Андрей перекрестился. И остальные тоже — под насмешливым взглядом царя.

   — Добре крестишься. Всё я про вас слыхал. Коли доброчестно служите — живите. Не опасайтесь. Виллем вас оборонит, ежели что.

И с тем вышел, чтобы продолжить свой путь.

Глава восемнадцатая

ЖЕЛЕЗО ЖЕЛЕЗО ОСТРИТ...

Железо железо острит, и человек изощряет

взгляд друга своего... Не покидай друга твоего,

и друга отца твоего, и в дом брата твоего

не ходи в день несчастия твоего; лучше сосед

вблизи, нежели брат вдали. Кто громко хвалит

друга своего с раннего утра, того

сочтут за злословящего...

Книга притчей Соломоновых

Должно всеми силами благодарить Бога,

но надеясь на мир, не ослабевать в военном деле,

дабы не иметь жребия монархии Греческой (Византии. — Р.Г.)...

Пётр Великий

Карлу, сыну Карла XI, только-только исполнилось восемнадцать лет, мальчишество из него не вышло и, похоже, не собиралось выходить. От отца унаследовал он сильнейшую в Европе армию и таковой же флот, но был далёк от его разумности, а потому исполнен воинственных замыслов.
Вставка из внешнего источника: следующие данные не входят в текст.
(* Let $T$ be a transaction that has not written key $k$ (i.e. no version of $k$ is in $T.writeset$), let $R$ be an Atomic Readset of committed key versions read by $T$, and suppose $R$ contains a version $k_m$ of $k$. If the AtomicRead procedure on input $k$ and $R$ returns a version $k_j$, then $j = m$, i.e. $k_j = k_m$.
   Context: Transactions $T_i$ are identified by IDs $i$ drawn from a totally ordered set of positive values; $0$ is a lower bound below all IDs. $k_i$ denotes the version of key $k$ written by transaction $T_i$ (a transaction writes at most one committed version of each key). $T_i.writeset$ is the set of key versions written by $T_i$, and $k_i.cowritten := T_i.writeset$ (so $k_i \in k_i.cowritten$). Atomic Readset: a set $R$ of key versions is an Atomic Readset if for every $k_i \in R$ and every $l_i \in k_i.cowritten$, if $R$ contains a version $l_j$ of key $l$ then $j \geq i$. AtomicRead procedure: input a key $k$ and a set $R$ of key versions; $\mathrm{KVI}[k]$ is a finite set of IDs of committed transactions that wrote key $k$. (1) Set $lower := \max(\{0\} \cup \{ i : l_i \in R \text{ for some key } l,\ k \in l_i.cowritten\})$. (2) If $\mathrm{KVI}[k]$ is empty and $lower = 0$, return NULL. (3) Consider candidate IDs $t \in \mathrm{KVI}[k]$ with $t \geq lower$ in decreasing order; $t$ is valid if there is no $l_t \in k_t.cowritten$ such that $R$ contains a version $l_j$ with $j < t$. Let $target$ be the largest valid candidate. (4) If none is valid return NULL; otherwise return $k_{target}$ and the new read set $R \cup \{k_{target}\}$. *)

From mathcomp Require Import all_boot.
Set Implicit Arguments. Unset Strict Implicit. Unset Printing Implicit Defensive.

(* Transaction IDs are positive naturals; 0 is the lower bound below all IDs.  W i : seq K is the writeset (keys written)
   of committed transaction T_i.  A key version k_i is the pair (k, i). *)

Section Model.
Variable K : eqType.
Variable W : nat -> seq K.

Definition version := (K * nat)%type.

Definition cowritten (v : version) : seq version := [seq (l, v.2) | l <- W v.2].

Definition atomic_readset (R : seq version) : Prop :=
  forall v, v \in R -> forall w, w \in cowritten v ->
  forall u, u \in R -> u.1 = w.1 -> w.2 <= u.2.

Definition lower (k : K) (R : seq version) : nat :=
  \max_(v <- R | (k, v.2) \in cowritten v) v.2.

Definition valid (k : K) (R : seq version) (t : nat) : bool :=
  ~~ has (fun w : version => has (fun u : version => (u.1 == w.1) && (u.2 < t)) R)
         (cowritten (k, t)).

(* AtomicRead(k, R), with KVI : K -> seq nat the key-version index.
   Returns None for NULL, or Some (k_target, R ∪ {k_target}). *)
Definition atomic_read (KVI : K -> seq nat) (k : K) (R : seq version)
  : option (version * seq version) :=
  let lo := lower k R in
  if (KVI k == [::]) && (lo == 0) then None else
  let cands := [seq t <- KVI k | (lo <= t) && valid k R t] in
  if cands is [::] then None else
  let target := \max_(t <- cands) t in
  Some ((k, target), (k, target) :: R).

End Model.

From mathcomp Require Import all_boot.

Set Implicit Arguments.
Unset Strict Implicit.
Unset Printing Implicit Defensive.

(** The version [k_m] already in [R] pins the returned target from both sides:
    [T_m] wrote [k], so [m] is counted in [lower] and the target is at least [m];
    the target transaction also wrote [k], so a target above [m] would be
    invalidated by [k_m] itself. *)

Lemma mem_bigmax_cons (c : nat) (s : seq nat) : \max_(t <- c :: s) t \in c :: s.
Proof.
elim: s c => [|c' s IHs] c; first by rewrite big_cons big_nil maxn0 mem_head.
by rewrite big_cons /maxn; case: ltnP => _; [rewrite inE IHs orbT | rewrite mem_head].
Qed.

Section AtomicRead.

Variables (K : eqType) (W : nat -> seq K).

Lemma mem_cowritten (l : K) (v : version K) :
  ((l, v.2) \in cowritten W v) = (l \in W v.2).
Proof. by rewrite mem_map // => x y []. Qed.

Lemma leq_lower (k : K) (R : seq (version K)) (v : version K) :
  v \in R -> k \in W v.2 -> v.2 <= lower W k R.
Proof.
by move=> vR kWv; apply: leq_bigmax_seq vR _; rewrite /= mem_cowritten.
Qed.

Lemma valid_leq (k : K) (R : seq (version K)) (t : nat) (u : version K) :
  valid W k R t -> u \in R -> u.1 \in W t -> t <= u.2.
Proof.
move=> /hasPn valid_t uR uWt; rewrite leqNgt; apply/negP => lt_u_t.
have ut_cowritten : (u.1, t) \in cowritten W (k, t) by rewrite (mem_cowritten _ (k, t)).
by apply: (negP (valid_t _ ut_cowritten)); apply/hasP; exists u => //=; rewrite eqxx lt_u_t.
Qed.

Lemma atomic_read_target (KVI : K -> seq nat) (k k' : K) (R R' : seq (version K))
    (t : nat) :
  atomic_read W KVI k R = Some ((k', t), R') ->
  [/\ k' = k, t \in KVI k, lower W k R <= t & valid W k R t].
Proof.
rewrite /atomic_read; case: ifP => // _.
case cands_def: [seq t <- KVI k | _] => [|c cs] //= [<- <- _].
have := mem_bigmax_cons c cs; rewrite -cands_def mem_filter.
by case/andP=> /andP[lo_t valid_t] t_KVI.
Qed.

End AtomicRead.

Theorem corollary1 (K : eqType) (W : nat -> seq K) (KVI : K -> seq nat)
  (TW : seq K) (k : K) (R : seq (K * nat)) (m j : nat) (R' : seq (K * nat)) :
  (* KVI[k'] consists of IDs of committed transactions that wrote k' *)
  (forall k' t, t \in KVI k' -> 0 < t /\ k' \in W t) ->
  (* T has not written k *)
  k \notin TW ->
  (* R consists of committed key versions *)
  (forall v, v \in R -> 0 < v.2 /\ v.1 \in W v.2) ->
  atomic_readset W R ->
  (k, m) \in R ->
  atomic_read W KVI k R = Some ((k, j), R') ->
  j = m.
Proof.
move=> KVI_written _ R_committed _ km_R /atomic_read_target[_ j_KVI lo_j valid_j].
have [_ kWm] := R_committed _ km_R.
have [_ kWj] := KVI_written _ _ j_KVI.
apply/eqP; rewrite eqn_leq (valid_leq valid_j km_R kWj) /=.
exact: leq_trans (leq_lower km_R kWm) lo_j.
Qed.
Lemma HI_decomp n (J : {set 'I_n}) w : w \notin J ->
  HI J = (HI (w |: J) :&: HI [set w] + \bigcap_(i in J) HI [set i])%VS.
Proof.
move=> wNJ; have memJ (v : Qn n) : reflect (forall i, i \in J -> v 0 i = 0)
                                            (v \in \bigcap_(i in J) HI [set i])%VS.
  apply: (iffP (memv_bigcapP _ _ _ _)) => vJ i => [iJ | _ iJ]; last by rewrite memv_HI1 vJ.
  by apply/eqP; rewrite -memv_HI1 vJ ?mem_index_enum.
apply/vspaceP => v; apply/idP/idP => [vJ | /memv_addP [u]].
  pose a : Qn n := \row_i (if i \in J then v 0 i else 0).
  apply/memv_addP; exists a; last (exists (v - a); last by rewrite addrC subrK).
    rewrite memv_cap (memv_HI1 w) memv_HI big_setU1 //= !mxE (negbTE wNJ) add0r eqxx andbT.
    have -> : \sum_(i in J) a ord0 i = \sum_(i in J) v ord0 i.
      by apply: eq_bigr => i iJ; rewrite mxE iJ.
    by rewrite -memv_HI.
  by apply/memJ => i iJ; rewrite !mxE iJ subrr.
rewrite memv_cap (memv_HI1 w) memv_HI big_setU1 //= => /andP [/eqP uJw /eqP uw].
move=> [z /memJ zJ ->]; rewrite uw add0r in uJw; rewrite memv_HI -[X in _ == X]uJw.
by apply/eqP/eq_bigr => i iJ; rewrite mxE zJ ?addr0.
Qed.

Section ConnectedSubgraphArrangement.
Variables (n : nat) (e : rel 'I_n).
Hypotheses (n_gt0 : (0 < n)%N) (e_simple : simple_graph e) (e_conn : graph_connected e).

Lemma HI_in_AG I : conn_sets e I -> HI I \in AG e.
Proof. by move=> cI; apply/imfsetP; exists I. Qed.

Lemma arrangement_AG : arrangement (AG e).
Proof. by move=> H /imfsetP [I /andP [I0 _] ->]; apply: dimHI. Qed.

Lemma conn_sets1 i : conn_sets e [set i].
Proof.
rewrite /conn_sets -card_gt0 cards1 /=.
apply/forallP => x; apply/implyP; rewrite in_set1 => /eqP->.
by apply/forallP => y; apply/implyP; rewrite in_set1 => /eqP->; apply: connect0.
Qed.

Lemma conn_setsT : conn_sets e [set: 'I_n].
Proof. by rewrite /conn_sets -card_gt0 cardsT card_ord n_gt0. Qed.

Lemma frame_sub_AG : {subset frame n <= AG e}.
Proof.
move=> H; rewrite in_fsetU in_fset1 => /orP [/imfsetP [i _ ->] | /eqP ->].
  exact/HI_in_AG/conn_sets1.
exact/HI_in_AG/conn_setsT.
Qed.

Lemma Gen_frame_HI1 d i : Gen (AG e) (frame n) d (HI [set i]).
Proof.
apply: (Gen_leq frame_sub_AG (leq0n d)).
by rewrite /= in_fsetU; apply/orP; left; apply/imfsetP; exists i.
Qed.

Lemma Gen_frame_HI d J : conn_sets e J -> (#|J| + d)%N = n -> Gen (AG e) (frame n) d (HI J).
Proof.
elim: d J => [|d IH] J cJ cardJ.
  have -> : J = setT by apply/eqP; rewrite eqEcard subsetT cardsT card_ord; lia.
  by rewrite /= in_fsetU in_fset1 eqxx orbT.
have JT : J != setT by apply/eqP => JT; move: cardJ; rewrite JT cardsT card_ord; lia.
have [w wNJ cwJ] := conn_sets_grow e_simple e_conn cJ JT.
have Gw : Gen (AG e) (frame n) d (HI (w |: J)).
  by apply: IH cwJ _; rewrite cardsU1 wNJ; lia.
rewrite (HI_decomp wNJ); apply: Gen_add; first by rewrite -(HI_decomp wNJ) HI_in_AG.
  by apply: inL_cap; apply: inL_mem; [exact: Gw | exact: Gen_frame_HI1].
by apply: inL_bigcap => i _; apply/inL_mem/Gen_frame_HI1.
Qed.

Lemma generated_AG H : generated (AG e) (frame n) H <-> H \in AG e.
Proof.
split => [[k /(Gen_mem frame_sub_AG)] // | /imfsetP [I /= cI ->]].
exists (n - #|I|)%N; apply: Gen_frame_HI => //.
have : (#|I| <= n)%N by rewrite -[X in (_ <= X)%N]card_ord max_card.
lia.
Qed.

End ConnectedSubgraphArrangement.

Section LatticeIsomorphism.
Variables (n : nat) (A C : {fset subsp n}) (f : subsp n -> subsp n).
Hypotheses (n_gt0 : (0 < n)%N) (A_arr : arrangement A) (C_arr : arrangement C).
Let LC := inL (fun H => H \in C).
Let LA := inL (fun H => H \in A).
Hypotheses (f_LA : forall X, LC X -> LA (f X))
  (f_inj : forall X Y, LC X -> LC Y -> f X = f Y -> X = Y)
  (f_surj : forall Z, LA Z -> exists2 X, LC X & f X = Z)
  (f_le : forall X Y, LC X -> LC Y -> ((Y <= X)%VS <-> (f Y <= f X)%VS)).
Шведы побаивались своего короля. Он мог с толпою молодых повес совершить налёт на лавку почтенного купца и разнести её вдребезги. В лучшем случае пострадавший отделывался синяками да шишками и небольшой денежной компенсацией.

Та же толпа на конях лихо врывалась на рынок, размахивая шпагами. Продавцы и покупатели в страхе разбегались кто куда, а лотки с товарами оказывались на земле.

   — Эгей! — вопили возбуждённые озорники. — Берегись! Уноси ноги!

Карл на своём гнедом жеребце картинно восседал посреди разгрома, мановением шпаги указывая на места бесчиния. И, довершив разгром, конные молодцы удалялись восвояси под предводительством своего короля.

Управы, узды не было. Седобородые ратманы пробовали было увещевать Карла именем покойного отца, но он только смеялся в ответ. Риксдаг перестал собираться: к чему? Ещё чего доброго неукротимый король, а лучше сказать королёк, выкинет что-либо на потеху своей братии.

Однажды-таки выкинул. Утром, когда почтенные ратманы восседали за столом, обсуждая, как должно ответить на претензии царя Петра, требовавшего удовлетворения на нанесённые ему лично в Риге оскорбления тамошним генерал-губернатором, как вдруг массивные двери растворились и по залу кубарем понёсся матёрый заяц-русак.